++++ Supplied material

(* For any $d$-dimensional Fano simplex $\Delta$ of Gorenstein index $g$, the number $g^{d-1}\lambda(\Delta^* )$ is an integer.
   Context: A Fano simplex is a full-dimensional simplex in $\mathbb{Q}^d$ with primitive vertices in $\mathbb{Z}^d$ and the origin in its interior. Its dual is $\Delta^*=\{u:\langle u,v\rangle\ge-1\ \forall v\in\Delta\}$. The Gorenstein index of a Fano simplex is the least $g\ge1$ such that $g\Delta^*$ has integral vertices. For an IP simplex (origin in the interior) with vertices $v_0,\dots,v_d$, the weight system is $Q=(q_0,\dots,q_d)$, $q_i=|\det(v_j:j\neq i)|$, and the factor $\lambda$ is the unique positive rational with $Q=\lambda Q'$, $Q'$ positive integers with $\gcd 1$. *)

From HB Require Import structures.
From mathcomp Require Import all_boot all_order all_algebra.
Set Implicit Arguments. Unset Strict Implicit. Unset Printing Implicit Defensive.
Import Order.TTheory GRing.Theory Num.Theory.
Local Open Scope ring_scope.

Definition point d := 'rV[rat]_d.

Definition pairing d (u v : point d) : rat := \sum_(j < d) u 0 j * v 0 j.

Definition integral d (x : point d) : Prop := forall j, x 0 j \is a Num.int.

Definition primitive d (x : point d) : Prop :=
  integral x /\
  forall (k : nat) (w : point d), integral w -> x = k%:R *: w -> k = 1%N.

Definition conv_hull d n (v : 'I_n -> point d) : point d -> Prop :=
  fun x => exists a : 'I_n -> rat, (forall i, 0 <= a i) /\ \sum_i a i = 1
           /\ x = \sum_i a i *: v i.

Definition affinely_independent d n (v : 'I_n -> point d) : Prop :=
  forall c : 'I_n -> rat, \sum_i c i = 0 -> \sum_i c i *: v i = 0 ->
    forall i, c i = 0.

(* A d-dimensional Fano simplex with vertices v_0..v_d: full-dimensional
   (affinely independent vertices), primitive integral vertices, and the
   origin in its interior (i.e. a strictly positive convex combination of the
   vertices, which for a full-dimensional simplex is exactly the interior). *)
Definition Fano_simplex d (v : 'I_d.+1 -> point d) : Prop :=
  affinely_independent v /\ (forall i, primitive (v i)) /\
  exists a : 'I_d.+1 -> rat, (forall i, 0 < a i) /\ \sum_i a i = 1 /\
    \sum_i a i *: v i = 0.

Definition dual d (S : point d -> Prop) : point d -> Prop :=
  fun u => forall x, S x -> -1 <= pairing u x.

Definition dilate d (g : rat) (S : point d -> Prop) : point d -> Prop :=
  fun y => exists x, S x /\ y = g *: x.

Definition is_vertex d (S : point d -> Prop) (u : point d) : Prop :=
  S u /\ forall x y (t : rat), S x -> S y -> 0 < t < 1 ->
    u = t *: x + (1 - t) *: y -> x = y.

Definition has_integral_vertices d (S : point d -> Prop) : Prop :=
  forall u, is_vertex S u -> integral u.

Definition gorenstein_index d (v : 'I_d.+1 -> point d) (g : nat) : Prop :=
  (0 < g)%N /\ has_integral_vertices (dilate g%:R (dual (conv_hull v))) /\
  forall g' : nat, (0 < g')%N ->
    has_integral_vertices (dilate g'%:R (dual (conv_hull v))) -> (g <= g')%N.

(* weight system Q = (q_0..q_d), q_i = |det(w_j : j <> i)| of an IP simplex
   with vertices w_0..w_d *)
Definition weight d (w : 'I_d.+1 -> point d) (i : 'I_d.+1) : rat :=
  `| \det (\matrix_(k < d, j < d) w (lift i k) 0 j) |.

Definition is_factor n (Q : 'I_n -> rat) (lam : rat) : Prop :=
  0 < lam /\ exists Q' : 'I_n -> nat, (forall i, (0 < Q' i)%N) /\
    \big[gcdn/0%N]_(i < n) Q' i = 1%N /\ forall i, Q i = lam * (Q' i)%:R.

Definition enumerates_vertices d (S : point d -> Prop) (w : 'I_d.+1 -> point d)
  : Prop := injective w /\ forall u, is_vertex S u <-> exists i, u = w i.

From HB Require Import structures.
From mathcomp Require Import all_boot all_order all_algebra.
From mathcomp Require Import lra.
Import Order.TTheory GRing.Theory Num.Theory.
Local Open Scope ring_scope.
Set Implicit Arguments. Unset Strict Implicit.

(* Let v_0, ..., v_d be the vertices of Delta, so that
   Delta^* = { u | <u, v_j> >= -1 for all j }.  A vertex u of Delta^* is tight
   (<u, v_j> = -1) at all indices but exactly one, its loose index k(u): with two
   loose indices u could be moved both ways along a nonzero direction orthogonal
   to the other d - 1 points v_m, and with none the relation
   0 = sum_j a_j v_j (a_j > 0) would give 0 = -1.  A vertex is determined by its
   loose index, so k is a bijection on the d + 1 vertices w_0, ..., w_d.  Hence
   for each i the rows w_j (j <> i) of the matrix W_i are all tight at v_(k(w_i)).
   As g W_i is integral, Cramer's rule makes (g^(d-1) det W_i) v_(k(w_i))
   integral, and primitivity of that point makes g^(d-1) q_i = |g^(d-1) det W_i|
   an integer.  Since the reduced weights are coprime, g^(d-1) lambda is then an
   integer as well. *)

Lemma det_int n (A : 'M[rat]_n) :
  (forall i j, A i j \is a Num.int) -> \det A \is a Num.int.
Proof.
move=> A_int; apply: rpred_sum => s _; apply: rpredM.
  by apply: rpredX; apply: rpredN; apply: rpred1.
by apply: rpred_prod => i _; apply: A_int.
Qed.

Lemma denq_dvd_of_int_mul (x : rat) (c : int) :
  x * c%:~R \is a Num.int -> (denq x %| c)%Z.
Proof.
move=> /intrP [k xc_k].
have num_c : numq x * c = k * denq x.
  by apply: (@intr_inj rat); rewrite !rmorphM /= numqE -xc_k mulrAC.
have : (denq x %| numq x * c)%Z by rewrite num_c dvdz_mull // dvdzz.
by rewrite Gauss_dvdzr // coprimezE coprime_sym coprime_num_den.
Qed.

Lemma int_of_denq1 (x : rat) : `|denq x|%N = 1%N -> x \is a Num.int.
Proof.
move=> den1; rewrite Qint_def; apply/eqP.
by move: (denq_gt0 x) den1; case: (denq x) => [n|n] //= _ ->.
Qed.

(* If x p is integral for a primitive point p, then x is an integer: the
   denominator of x divides every coordinate of p, so p is a multiple of an
   integral point by that denominator. *)
Lemma primitive_scale_int d (p : point d) (x : rat) :
  primitive p -> (forall j, x * p 0 j \is a Num.int) -> x \is a Num.int.
Proof.
move=> [p_int p_prim] xp_int.
have den_dvd j : (denq x %| numq (p 0%R j))%Z.
  by apply: denq_dvd_of_int_mul; rewrite (numqK (p_int j)).
pose q : point d := \row_j ((numq (p 0%R j)) %/ denq x)%Z%:~R.
apply: int_of_denq1; apply: (p_prim _ q); first by move=> j; rewrite mxE intr_int.
apply/rowP => j; rewrite !mxE -{1}(numqK (p_int j)) -{1}(divzK (den_dvd j)).
rewrite rmorphM /= mulrC; congr (_ * _).
by move: (denq_gt0 x); case: (denq x).
Qed.

(* If x Q_i is an integer for every weight Q_i, then so is x lam, where lam is
   the factor of Q: the denominator of x lam divides every reduced weight,
   hence their gcd 1. *)
Lemma factor_scale_int n (Q : 'I_n -> rat) (lam x : rat) :
  is_factor Q lam -> (forall i, x * Q i \is a Num.int) -> x * lam \is a Num.int.
Proof.
move=> [_ [Q' [_ [Q'_gcd Q_def]]]] xQ_int.
apply: int_of_denq1; apply/eqP; rewrite -dvdn1 -Q'_gcd.
apply/dvdn_biggcdP => i _; apply: (@denq_dvd_of_int_mul _ (Q' i)%:Z).
by rewrite -mulrA -Q_def; apply: xQ_int.
Qed.

(* There is no primitive point in dimension 0, since the only point is 0 * 0. *)
Lemma no_primitive_point0 (p : point 0) : ~ primitive p.
Proof.
move=> [_ p_prim].
have zero_int : integral (0 : point 0) by move=> [j j_lt0]; exfalso; rewrite ltn0 in j_lt0.
by have := p_prim 0%N 0 zero_int; rewrite scale0r => /(_ (thinmx0 _)).
Qed.

Lemma pairing_sumr d n (u : point d) (a : 'I_n -> rat) (x : 'I_n -> point d) :
  pairing u (\sum_i a i *: x i) = \sum_i a i * pairing u (x i).
Proof.
rewrite /pairing; under eq_bigr => j _ do rewrite summxE mulr_sumr.
rewrite exchange_big /=; apply: eq_bigr => i _.
by rewrite mulr_sumr; apply: eq_bigr => j _; rewrite mxE mulrCA.
Qed.

Lemma pairingDl d (u z x : point d) :
  pairing (u + z) x = pairing u x + pairing z x.
Proof. by rewrite /pairing -big_split; apply: eq_bigr => j _; rewrite mxE mulrDl. Qed.

Lemma pairingZl d (c : rat) (z x : point d) :
  pairing (c *: z) x = c * pairing z x.
Proof. by rewrite /pairing mulr_sumr; apply: eq_bigr => j _; rewrite mxE mulrA. Qed.

Lemma pairingBl d (u z x : point d) :
  pairing (u - z) x = pairing u x - pairing z x.
Proof. by rewrite -scaleN1r pairingDl pairingZl mulN1r. Qed.

Lemma dual_conv_hullP d n (v : 'I_n -> point d) (u : point d) :
  dual (conv_hull v) u <-> forall j, -1 <= pairing u (v j).
Proof.
split=> [u_dual j | u_ge x [a [a_ge0 [a_sum ->]]]].
  apply: u_dual; exists (fun i => (i == j)%:R); split; first by move=> i; rewrite ler0n.
  by split; rewrite (bigD1 j) //= eqxx ?scale1r big1 ?addr0 // => i /negbTE ->;
    rewrite ?scale0r.
have -> : (-1 : rat) = \sum_i a i * -1 by rewrite -mulr_suml a_sum mul1r.
by rewrite pairing_sumr; apply: ler_sum => i _; rewrite ler_wpM2l.
Qed.

Lemma vertex_midpoint d (S : point d -> Prop) (u z : point d) :
  is_vertex S u -> S (u + z) -> S (u - z) -> z = 0.
Proof.
move=> [_ u_extreme] S_plus S_minus.
have E : u + z = u - z.
  apply: (u_extreme _ _ (1 / 2) S_plus S_minus); first by apply/andP; split; lra.
  by apply/rowP => j; rewrite !mxE; lra.
by apply/rowP => j; have := congr1 (fun p : point d => p 0 j) E; rewrite !mxE; lra.
Qed.

(* Finitely many positive rationals have a common positive lower bound,
   namely (1 + sum_i 1 / c_i)^-1. *)
Lemma pos_lower_bound (I : finType) (c : I -> rat) :
  (forall i, 0 < c i) -> exists2 e, 0 < e & forall i, e <= c i.
Proof.
move=> c_pos; have inv_ge0 (P : pred I) : 0 <= \sum_(i | P i) (c i)^-1.
  by apply: sumr_ge0 => i _; rewrite invr_ge0 ltW.
exists (1 + \sum_i (c i)^-1)^-1; first by rewrite invr_gt0; have := inv_ge0 predT; lra.
move=> i; rewrite -[c i]invrK lef_pV2 ?posrE ?invr_gt0 //; last first.
  by have := inv_ge0 predT; lra.
by rewrite (bigD1 i) //=; have := inv_ge0 (predC1 i); lra.
Qed.

Lemma dilate_vertex d (S : point d -> Prop) (g : rat) (u : point d) :
  0 < g -> is_vertex S u -> is_vertex (dilate g S) (g *: u).
Proof.
move=> g_pos [Su u_extreme]; split; first by exists u.
move=> _ _ t [x [Sx ->]] [y [Sy ->]] t01 E; congr (g *: _).
apply: u_extreme Sx Sy t01 _; apply: (@scalerI _ _ g); first by rewrite gt_eqF.
by rewrite E scalerDr !scalerA mulrC [(1 - t) * g]mulrC.
Qed.

Section DualVertices.

Variables (d : nat) (v : 'I_d.+1 -> point d).

(* A vertex u of the dual cannot move along a direction z orthogonal to every
   v_j at which u is tight: for small e both u + e z and u - e z stay in the
   dual. *)
Lemma vertex_rigid (u z : point d) :
  is_vertex (dual (conv_hull v)) u ->
  (forall j, pairing z (v j) != 0 -> -1 < pairing u (v j)) -> z = 0.
Proof.
move=> u_vert loose; have /dual_conv_hullP u_ge := u_vert.1.
pose c j := if pairing z (v j) == 0 then 1
            else (pairing u (v j) + 1) / `|pairing z (v j)|.
have [e e_pos e_le] : exists2 e, 0 < e & forall j, e <= c j.
  apply: pos_lower_bound => j; rewrite /c; case: eqP => [_ | /eqP z_j]; first exact: ltr01.
  by rewrite divr_gt0 ?normr_gt0 //; have := loose j z_j; lra.
have slack j : e * `|pairing z (v j)| <= pairing u (v j) + 1.
  have := u_ge j; have := e_le j; rewrite /c; case: eqP => [-> _ | /eqP z_j].
    by rewrite normr0 mulr0; lra.
  by rewrite ler_pdivlMr ?normr_gt0.
have move_ok t : `|t| <= e -> dual (conv_hull v) (u + t *: z).
  move=> t_le; apply/dual_conv_hullP => j; rewrite pairingDl pairingZl.
  have : `|t| * `|pairing z (v j)| <= e * `|pairing z (v j)| by rewrite ler_wpM2r.
  have := slack j; have := ler_norm (- (t * pairing z (v j))).
  by rewrite normrN normrM; lra.
have u_plus : dual (conv_hull v) (u + e *: z) by apply: move_ok; rewrite gtr0_norm.
have u_minus : dual (conv_hull v) (u - e *: z).
  by rewrite -scaleNr; apply: move_ok; rewrite normrN gtr0_norm.
have /eqP := vertex_midpoint u_vert u_plus u_minus.
by rewrite scaler_eq0 (gt_eqF e_pos) => /eqP.
Qed.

++++++++

(Goal of the exercise) In the data above, find the line with "has_integral_vertices (dilate g'%:R" and the line with "Delta^* is tight". Retype both, plus every line between them, exactly.

(Task output)
    has_integral_vertices (dilate g'%:R (dual (conv_hull v))) -> (g <= g')%N.

(* weight system Q = (q_0..q_d), q_i = |det(w_j : j <> i)| of an IP simplex
   with vertices w_0..w_d *)
Definition weight d (w : 'I_d.+1 -> point d) (i : 'I_d.+1) : rat :=
  `| \det (\matrix_(k < d, j < d) w (lift i k) 0 j) |.

Definition is_factor n (Q : 'I_n -> rat) (lam : rat) : Prop :=
  0 < lam /\ exists Q' : 'I_n -> nat, (forall i, (0 < Q' i)%N) /\
    \big[gcdn/0%N]_(i < n) Q' i = 1%N /\ forall i, Q i = lam * (Q' i)%:R.

Definition enumerates_vertices d (S : point d -> Prop) (w : 'I_d.+1 -> point d)
  : Prop := injective w /\ forall u, is_vertex S u <-> exists i, u = w i.

From HB Require Import structures.
From mathcomp Require Import all_boot all_order all_algebra.
From mathcomp Require Import lra.
Import Order.TTheory GRing.Theory Num.Theory.
Local Open Scope ring_scope.
Set Implicit Arguments. Unset Strict Implicit.

(* Let v_0, ..., v_d be the vertices of Delta, so that
   Delta^* = { u | <u, v_j> >= -1 for all j }.  A vertex u of Delta^* is tight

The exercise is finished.